(How to complete this task): Across the records below, count every line that contains the string "exists", then report the count alone.

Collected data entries
————————
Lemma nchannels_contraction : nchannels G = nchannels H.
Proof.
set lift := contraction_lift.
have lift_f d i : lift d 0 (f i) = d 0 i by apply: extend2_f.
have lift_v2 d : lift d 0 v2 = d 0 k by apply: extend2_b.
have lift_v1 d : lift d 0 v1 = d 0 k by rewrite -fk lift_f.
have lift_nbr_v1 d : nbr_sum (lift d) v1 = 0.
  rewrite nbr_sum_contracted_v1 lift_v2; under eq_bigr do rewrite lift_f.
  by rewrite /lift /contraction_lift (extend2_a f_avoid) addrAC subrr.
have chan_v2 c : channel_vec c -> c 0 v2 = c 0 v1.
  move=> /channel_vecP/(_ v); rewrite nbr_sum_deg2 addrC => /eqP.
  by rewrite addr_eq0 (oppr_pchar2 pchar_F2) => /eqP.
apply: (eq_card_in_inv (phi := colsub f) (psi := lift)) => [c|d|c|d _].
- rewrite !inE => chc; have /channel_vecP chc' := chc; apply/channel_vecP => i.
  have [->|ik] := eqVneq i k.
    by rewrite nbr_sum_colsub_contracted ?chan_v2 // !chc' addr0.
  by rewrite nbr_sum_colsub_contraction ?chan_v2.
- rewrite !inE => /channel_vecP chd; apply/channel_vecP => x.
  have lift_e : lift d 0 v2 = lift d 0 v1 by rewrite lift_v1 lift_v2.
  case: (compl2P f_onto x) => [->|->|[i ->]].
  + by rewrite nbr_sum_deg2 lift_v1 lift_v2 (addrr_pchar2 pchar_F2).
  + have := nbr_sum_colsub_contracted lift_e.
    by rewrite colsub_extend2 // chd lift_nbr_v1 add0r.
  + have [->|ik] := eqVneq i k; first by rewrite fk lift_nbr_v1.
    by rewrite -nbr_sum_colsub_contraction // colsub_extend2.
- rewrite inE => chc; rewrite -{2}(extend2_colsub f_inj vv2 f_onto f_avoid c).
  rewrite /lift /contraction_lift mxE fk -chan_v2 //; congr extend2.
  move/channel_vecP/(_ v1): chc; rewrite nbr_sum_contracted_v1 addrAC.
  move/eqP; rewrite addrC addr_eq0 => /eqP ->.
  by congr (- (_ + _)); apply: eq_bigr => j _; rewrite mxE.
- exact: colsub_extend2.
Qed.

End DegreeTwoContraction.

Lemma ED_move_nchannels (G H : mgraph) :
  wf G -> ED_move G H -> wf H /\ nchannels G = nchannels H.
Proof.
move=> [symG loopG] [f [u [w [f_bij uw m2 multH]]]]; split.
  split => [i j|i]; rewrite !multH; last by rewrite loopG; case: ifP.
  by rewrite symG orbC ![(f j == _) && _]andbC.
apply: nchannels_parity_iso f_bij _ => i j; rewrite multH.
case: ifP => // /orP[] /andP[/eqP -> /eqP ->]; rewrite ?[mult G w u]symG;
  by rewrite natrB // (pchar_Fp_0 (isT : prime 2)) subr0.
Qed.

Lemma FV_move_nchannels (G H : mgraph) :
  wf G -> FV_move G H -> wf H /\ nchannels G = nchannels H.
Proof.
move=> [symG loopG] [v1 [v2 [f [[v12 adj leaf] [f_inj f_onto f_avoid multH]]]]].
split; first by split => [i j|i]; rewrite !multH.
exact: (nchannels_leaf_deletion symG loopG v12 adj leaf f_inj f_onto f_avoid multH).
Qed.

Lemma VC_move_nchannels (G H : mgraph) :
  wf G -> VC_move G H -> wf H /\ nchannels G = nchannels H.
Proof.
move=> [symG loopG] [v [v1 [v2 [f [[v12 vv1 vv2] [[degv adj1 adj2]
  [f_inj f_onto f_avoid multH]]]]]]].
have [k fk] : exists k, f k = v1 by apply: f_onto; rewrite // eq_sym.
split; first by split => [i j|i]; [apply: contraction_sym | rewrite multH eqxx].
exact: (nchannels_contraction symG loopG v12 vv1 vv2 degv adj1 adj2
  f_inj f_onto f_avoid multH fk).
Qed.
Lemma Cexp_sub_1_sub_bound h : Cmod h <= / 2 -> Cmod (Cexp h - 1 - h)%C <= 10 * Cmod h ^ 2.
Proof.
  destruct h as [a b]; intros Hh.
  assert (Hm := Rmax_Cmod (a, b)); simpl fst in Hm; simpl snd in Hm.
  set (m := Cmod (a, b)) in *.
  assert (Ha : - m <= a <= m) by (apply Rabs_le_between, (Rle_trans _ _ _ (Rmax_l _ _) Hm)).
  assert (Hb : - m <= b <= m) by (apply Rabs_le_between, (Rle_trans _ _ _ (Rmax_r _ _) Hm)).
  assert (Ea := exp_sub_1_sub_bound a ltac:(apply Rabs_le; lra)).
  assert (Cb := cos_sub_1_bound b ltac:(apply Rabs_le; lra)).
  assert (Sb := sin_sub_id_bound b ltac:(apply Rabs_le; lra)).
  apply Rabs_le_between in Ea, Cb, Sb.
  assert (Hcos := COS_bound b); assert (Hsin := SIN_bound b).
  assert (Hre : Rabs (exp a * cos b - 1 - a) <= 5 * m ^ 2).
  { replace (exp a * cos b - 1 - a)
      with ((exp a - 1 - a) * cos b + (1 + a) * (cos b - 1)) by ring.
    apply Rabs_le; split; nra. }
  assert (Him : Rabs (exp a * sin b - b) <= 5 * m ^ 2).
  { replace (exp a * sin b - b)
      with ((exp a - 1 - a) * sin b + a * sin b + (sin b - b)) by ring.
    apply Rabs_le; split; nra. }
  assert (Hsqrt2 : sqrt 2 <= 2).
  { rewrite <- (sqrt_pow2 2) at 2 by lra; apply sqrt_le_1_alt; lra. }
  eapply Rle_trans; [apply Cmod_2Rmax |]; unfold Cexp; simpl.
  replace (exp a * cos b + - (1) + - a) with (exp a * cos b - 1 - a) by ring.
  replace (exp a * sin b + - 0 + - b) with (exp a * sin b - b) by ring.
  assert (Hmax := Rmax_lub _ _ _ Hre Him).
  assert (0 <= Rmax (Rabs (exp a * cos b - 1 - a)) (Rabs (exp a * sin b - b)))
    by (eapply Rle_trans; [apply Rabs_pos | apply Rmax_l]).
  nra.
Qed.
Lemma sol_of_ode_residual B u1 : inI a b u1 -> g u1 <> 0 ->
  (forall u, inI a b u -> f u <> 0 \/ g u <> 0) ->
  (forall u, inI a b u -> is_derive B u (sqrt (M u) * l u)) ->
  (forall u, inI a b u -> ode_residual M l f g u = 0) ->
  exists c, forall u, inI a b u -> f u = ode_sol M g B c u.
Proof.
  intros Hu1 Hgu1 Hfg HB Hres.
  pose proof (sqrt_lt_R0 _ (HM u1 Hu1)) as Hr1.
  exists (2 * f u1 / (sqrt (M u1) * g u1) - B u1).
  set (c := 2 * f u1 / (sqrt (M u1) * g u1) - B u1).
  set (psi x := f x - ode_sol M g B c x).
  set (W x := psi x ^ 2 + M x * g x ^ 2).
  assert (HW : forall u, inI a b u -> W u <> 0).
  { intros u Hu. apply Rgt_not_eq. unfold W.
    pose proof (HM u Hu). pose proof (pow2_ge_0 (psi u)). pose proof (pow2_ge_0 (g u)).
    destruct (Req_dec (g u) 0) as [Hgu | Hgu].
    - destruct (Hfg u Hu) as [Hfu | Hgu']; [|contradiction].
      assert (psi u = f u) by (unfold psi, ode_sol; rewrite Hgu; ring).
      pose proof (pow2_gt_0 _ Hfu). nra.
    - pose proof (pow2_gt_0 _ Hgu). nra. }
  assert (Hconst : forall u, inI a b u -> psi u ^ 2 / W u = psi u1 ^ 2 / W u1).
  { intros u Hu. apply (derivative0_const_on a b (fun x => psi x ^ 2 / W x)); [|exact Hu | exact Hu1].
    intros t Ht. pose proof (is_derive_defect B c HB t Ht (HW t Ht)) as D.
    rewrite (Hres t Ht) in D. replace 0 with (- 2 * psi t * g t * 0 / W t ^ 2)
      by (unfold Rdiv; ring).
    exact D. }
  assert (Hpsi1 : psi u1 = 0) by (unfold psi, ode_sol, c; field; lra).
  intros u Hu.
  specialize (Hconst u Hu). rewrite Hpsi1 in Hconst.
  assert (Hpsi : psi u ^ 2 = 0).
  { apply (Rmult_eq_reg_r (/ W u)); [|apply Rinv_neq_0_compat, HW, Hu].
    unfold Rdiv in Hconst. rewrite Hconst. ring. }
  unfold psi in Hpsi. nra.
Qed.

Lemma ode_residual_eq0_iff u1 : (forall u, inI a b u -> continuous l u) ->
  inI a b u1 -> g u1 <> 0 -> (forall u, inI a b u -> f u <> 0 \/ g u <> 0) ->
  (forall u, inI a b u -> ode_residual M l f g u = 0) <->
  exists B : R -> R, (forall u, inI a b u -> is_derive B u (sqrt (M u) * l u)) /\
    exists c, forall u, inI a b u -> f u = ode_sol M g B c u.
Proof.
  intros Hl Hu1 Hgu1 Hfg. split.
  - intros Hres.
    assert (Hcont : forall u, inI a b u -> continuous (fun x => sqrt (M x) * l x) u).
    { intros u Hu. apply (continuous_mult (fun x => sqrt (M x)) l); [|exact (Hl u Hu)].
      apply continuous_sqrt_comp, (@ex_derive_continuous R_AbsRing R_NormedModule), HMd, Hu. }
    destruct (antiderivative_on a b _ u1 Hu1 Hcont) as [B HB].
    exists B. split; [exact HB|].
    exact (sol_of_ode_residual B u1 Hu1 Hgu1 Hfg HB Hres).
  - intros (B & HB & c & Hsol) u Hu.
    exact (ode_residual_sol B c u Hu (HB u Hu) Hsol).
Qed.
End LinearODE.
————————
(Response box): 6